And now I am faced with a conundrum: I want to leave, but that means I'll have to interact with the employees ('cause the snakeskin heels are gorgeous and I want to put them on hold) but I've just been accused of being a spy, and even though I know I'm not, I have no idea what the employees are thinking right now. My anxiety is kicking in. Why the hell would I care what these people thought of me? Why can't I just brush this whole thing off? It's sheer clinical craziness. Why should I, the sane one, have to defend against the clearly crazy one? Why am I trying to rationalize my getting up and walking away? Why do I want so badly to yell at this woman STOP IT; JUST STOP IT. I can't explain it. Something about this woman's presence in that little corner of Macy's was sucking all the rationality out of it. Up was down. Wrong was right. Bored Friday night shoppers were corporate spies. And the thing about protesting against accusations of insanity (or spying activities) is that the more you protest, the crazier (or more spy-ish) you sound.

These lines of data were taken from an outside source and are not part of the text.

Lemma kernel_mono (k a b : C) (f : hom a b) (m : hom k a) : is_kernel f m -> is_mono m.
Proof.
case=> fm0 kerP x g h mg_mh.
have fmg0 : comp f (comp m g) = 0 by rewrite comp_assoc fm0 comp0l.
by have [u [_ uniq_u]] := kerP x _ fmg0; rewrite -(uniq_u g) // (uniq_u h).
Qed.

Lemma cokernel_epi (a b c : C) (f : hom a b) (e : hom b c) : is_cokernel f e -> is_epi e.
Proof.
case=> ef0 cokerP x g h ge_he.
have gef0 : comp (comp g e) f = 0 by rewrite -comp_assoc ef0 comp0r.
by have [u [_ uniq_u]] := cokerP x _ gef0; rewrite -(uniq_u g) // (uniq_u h).
Qed.

Lemma epi_of_cokernel0 (a b c : C) (f : hom a b) : is_cokernel f (0 : hom b c) -> is_epi f.
Proof.
case=> _ cokerP x g h gf_hf.
have [u [u0 _]] : exists! u : hom c x, comp u 0 = g - h.
  by apply: cokerP; rewrite comp_subl gf_hf subrr.
by apply/eqP; rewrite -subr_eq0 -u0 comp0r.
Qed.

Lemma abelian_epi_factor (a b y k : C) (e : hom a b) (m : hom k a) (phi : hom a y) :
  is_abelian C -> is_epi e -> is_kernel e m -> comp phi m = 0 ->
  exists h : hom b y, comp h e = phi.
Proof.
case=> _ [_ [_ [_ [_ epi_coker]]]] epi_e [_ kerP] phim0.
have [w [f [ef0 cokerP]]] := epi_coker _ _ _ epi_e.
have [u [mu_f _]] := kerP _ f ef0.
have phif0 : comp phi f = 0 by rewrite -mu_f comp_assoc phim0 comp0l.
by have [h [he _]] := cokerP _ phi phif0; exists h.
Qed.

Lemma iso_mono (a b : C) (f : hom a b) : is_iso f -> is_mono f.
Proof.
case=> f' [f'f _] x g h fg_fh.
by rewrite -(comp_idl g) -(comp_idl h) -f'f -!comp_assoc fg_fh.
Qed.

Lemma iso_epi (a b : C) (f : hom a b) : is_iso f -> is_epi f.
Proof.
case=> f' [_ ff'] x g h gf_hf.
by rewrite -(comp_idr g) -(comp_idr h) -ff' !comp_assoc gf_hf.
Qed.

Lemma iso_inv (a b : C) (f : hom a b) : is_iso f ->
  exists g : hom b a, [/\ is_iso g, comp g f = idm a & comp f g = idm b].
Proof. by case=> g [gf fg]; exists g; split => //; exists f. Qed.
(* bd (bd c) s is a double sum over pairs v, w of points outside s whose
   summand is antisymmetric in (v, w). *)
Lemma bd_bd c s : bd (bd c) s = 0.
Proof.
pose G v w := if (v \notin s) && (w \notin s) && (v != w) then
   bsign s v * bsign (v |: s) w * c (w |: (v |: s)) else 0.
have bdbdE : bd (bd c) s = \sum_v \sum_w G v w.
  rewrite /bd big_mkcond; apply: eq_bigr => v _; rewrite inE.
  case: (boolP (v \in s)) => vs /=.
    by rewrite big1 // => w _; rewrite /G vs.
  rewrite mulr_sumr big_mkcond; apply: eq_bigr => w _.
  rewrite /G vs !inE /= [v == w]eq_sym mulrA.
  by case: (w == v); case: (w \in s).
have G_antisym x y : G y x = - G x y.
  rewrite /G [(y == x)]eq_sym [(y \notin s) && _]andbC.
  case: (boolP ((x \notin s) && (y \notin s) && (x != y)));
    last by rewrite oppr0.
  case/andP=> /andP[xs ys] xy.
  rewrite !bsignU1 // [y |: (x |: s)]setUCA.
  have := ord_lt_xor xy.
  by case: (ord_lt x y); case: (ord_lt y x) => //= _; rewrite ?expr1 ?expr0; ring.
have : \sum_v \sum_w G v w = - \sum_v \sum_w G v w.
  rewrite [LHS]exchange_big /= -sumrN; apply: eq_bigr => v _; rewrite -sumrN.
  by apply: eq_bigr => w _; rewrite G_antisym.
rewrite -bdbdE => /eqP; rewrite -subr_eq0 opprK -mulr2n mulrn_eq0 /= => /eqP //.
Qed.

Lemma eq_bd c e s : (forall x, c x = e x) -> bd c s = bd e s.
Proof. by move=> ce; rewrite /bd; apply: eq_bigr => v _; rewrite ce. Qed.

Lemma bdD c e s : bd (fun x => c x + e x) s = bd c s + bd e s.
Proof. by rewrite /bd -big_split; apply: eq_bigr => v _; rewrite mulrDr. Qed.

Lemma bdB c e s : bd (fun x => c x - e x) s = bd c s - bd e s.
Proof. by rewrite /bd -sumrB; apply: eq_bigr => v _; rewrite mulrBr. Qed.

Lemma bd_neq0 c s : bd c s != 0 -> exists2 v, v \notin s & c (v |: s) != 0.
Proof.
move=> h; apply/exists_inP; apply: contraR h => /exists_inPn h.
rewrite /bd big1 // => v; rewrite inE => vs.
by have := h v vs; rewrite negbK => /eqP ->; rewrite mulr0.
Qed.

Lemma cardsU_disjoint (A B : {set T}) : B \subset ~: A -> #|A :|: B| = (#|A| + #|B|)%N.
Proof.
by rewrite -disjoints_subset disjoint_sym => dAB; apply/eqP; rewrite (leq_card_setU A B).
Qed.

Definition down_closed D := forall s s', s \subset s' -> s' \in D -> s \in D.

Lemma bd_chain D n c : down_closed D -> is_chain D n.+1 c -> is_chain D n (bd c).
Proof.
move=> dD hc s /bd_neq0 [v vs /hc [h1 h2]]; split.
  exact: dD (subsetUr _ _) h1.
by move: h2; rewrite cardsU1 vs => -[].
Qed.

Lemma chainD D n c e :
  is_chain D n c -> is_chain D n e -> is_chain D n (fun x => c x + e x).
Proof.
move=> hc he s h; case: (eqVneq (c s) 0) => [c0|/hc //].
by apply: he; move: h; rewrite c0 add0r.
Qed.

Lemma chainB D n c e :
  is_chain D n c -> is_chain D n e -> is_chain D n (fun x => c x - e x).
Proof.
move=> hc he s h; case: (eqVneq (c s) 0) => [c0|/hc //].
by apply: he; move: h; rewrite c0 sub0r oppr_eq0.
Qed.

Lemma sub_chain D D' n c : {subset D <= D'} -> is_chain D n c -> is_chain D' n c.
Proof. by move=> sD hc s /hc [/sD]. Qed.

End Boundary.

Section Join.
Variables (T : finType) (F : {set T}).
Implicit Types (s t : {set T}) (c u : {set T} -> int).

Lemma setUDK s : F \subset s -> F :|: s :\: F = s.
Proof. by move=> Fs; rewrite -{2}(setID s F) (setIidPr Fs). Qed.

Lemma setUKD t : t \subset ~: F -> (F :|: t) :\: F = t.
Proof.
by rewrite -disjoints_subset => dtF; rewrite setDUl setDv set0U; apply/setDidPl.
Qed.

(* The sign of the join with F: [bsign (F :|: t) v] differs from [bsign t v]
   by the number of points of F before v, and [join_sign] absorbs this, so
   that [link_chain] commutes with the boundary. *)
Definition nbefore (v : T) : nat := #|[set u in F | ord_lt u v]|.
Definition join_sign t : int := (-1) ^+ (\sum_(v in t) nbefore v).

Definition link_chain c t : int :=
  if t \subset ~: F then join_sign t * c (F :|: t) else 0.
Definition star_chain u s : int :=
  if F \subset s then join_sign (s :\: F) * u (s :\: F) else 0.
Lemma expi_mulJ (x : R) : expi x * conjc (expi x) = 1.
Proof.
apply/eqP; rewrite eq_complex /= mulrN opprK -!expr2 cos2Dsin2 mulrN mulrC addNr.
by rewrite !eqxx.
Qed.

Lemma normr_expi (x : R) : `|expi x| = 1.
Proof. by rewrite normc_def /= cos2Dsin2 sqrtr1. Qed.

End Expi.

Section Blocks.
Context {S N : nat} {L : 'I_S -> nat}.

Definition block_start (m : nat) := (\sum_(t < S | (t < m)%N) L t)%N.

Lemma block_start_succ {m} (mS : (m < S)%N) :
  block_start m.+1 = (block_start m + L (Ordinal mS))%N.
Proof.
rewrite /block_start (bigID (fun t : 'I_S => (t < m)%N)) /=; congr (_ + _)%N.
  by apply: eq_bigl => t; case: (ltnP t m) => h; rewrite ?andbT ?andbF //; lia.
rewrite (big_pred1 (Ordinal mS)) // => t /=.
by rewrite -val_eqE /= ltnS -leqNgt -eqn_leq.
Qed.

Lemma block_start_succ_ord (s : 'I_S) : block_start s.+1 = (Nstart L s + L s)%N.
Proof. by rewrite (block_start_succ (ltn_ord s)); congr (_ + L _)%N; apply: val_inj. Qed.

Lemma block_start_mono : {homo block_start : m n / (m <= n)%N}.
Proof.
move=> m n mn; rewrite /block_start [X in (_ <= X)%N](bigID (fun t : 'I_S => (t < m)%N)) /=.
apply: leq_trans (leq_addr _ _); apply: eq_leq; apply: eq_bigl => t.
by case: (ltnP t m) => h; rewrite ?andbT ?andbF // (leq_trans h mn).
Qed.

I go to the counter where the male employee is busy shuffling papers (anything to avoid looking five feet to the right where this woman is standing). He asks if he can help me and I inhale and hold my breath for a second and plop the shoes on the counter. I meet his eyes and we have this milli-second exchange that went something like: You just see that shit? What the fuck, right? You know I'm not a spy, right? And you know I wasn't following that lady around, right? Dude. I am soooo sorry you have to deal with this kind of shit on a Friday night. I mean, it's hard enough having to look at people's bunions and dry, cracked heels, and unkempt toenails all day long. Now you have to deal with people like this. And it's an hour before closing and the clearance section looks like a bomb went off in it. I know you're just counting down the hours till this is all just a distant memory and you can go home and tell your girlfriend what a fucked up day you had at work. I know you're smarter than this. I know you're being underutilized and underpaid and that you don't deserve this. I bet you're studying to be a doctor or something, and you just took this job to help pay for your graduate studies. I know this woman is probably only one of hundreds of nutcases that comes in here on a regular basis and accuses you of price-fixing, or of hiding the good stuff, or selling things that Macy's clearly does not carry, or of being personally responsible for Macy's return policy, or their store hours or locations, or one of a million other things that you have absolutely no control over... and it just sucks the life out of you day after day having to explain to a generally very uninformed and very impatient populace the way retail sales work in this country. I am so sorry. Really, I am.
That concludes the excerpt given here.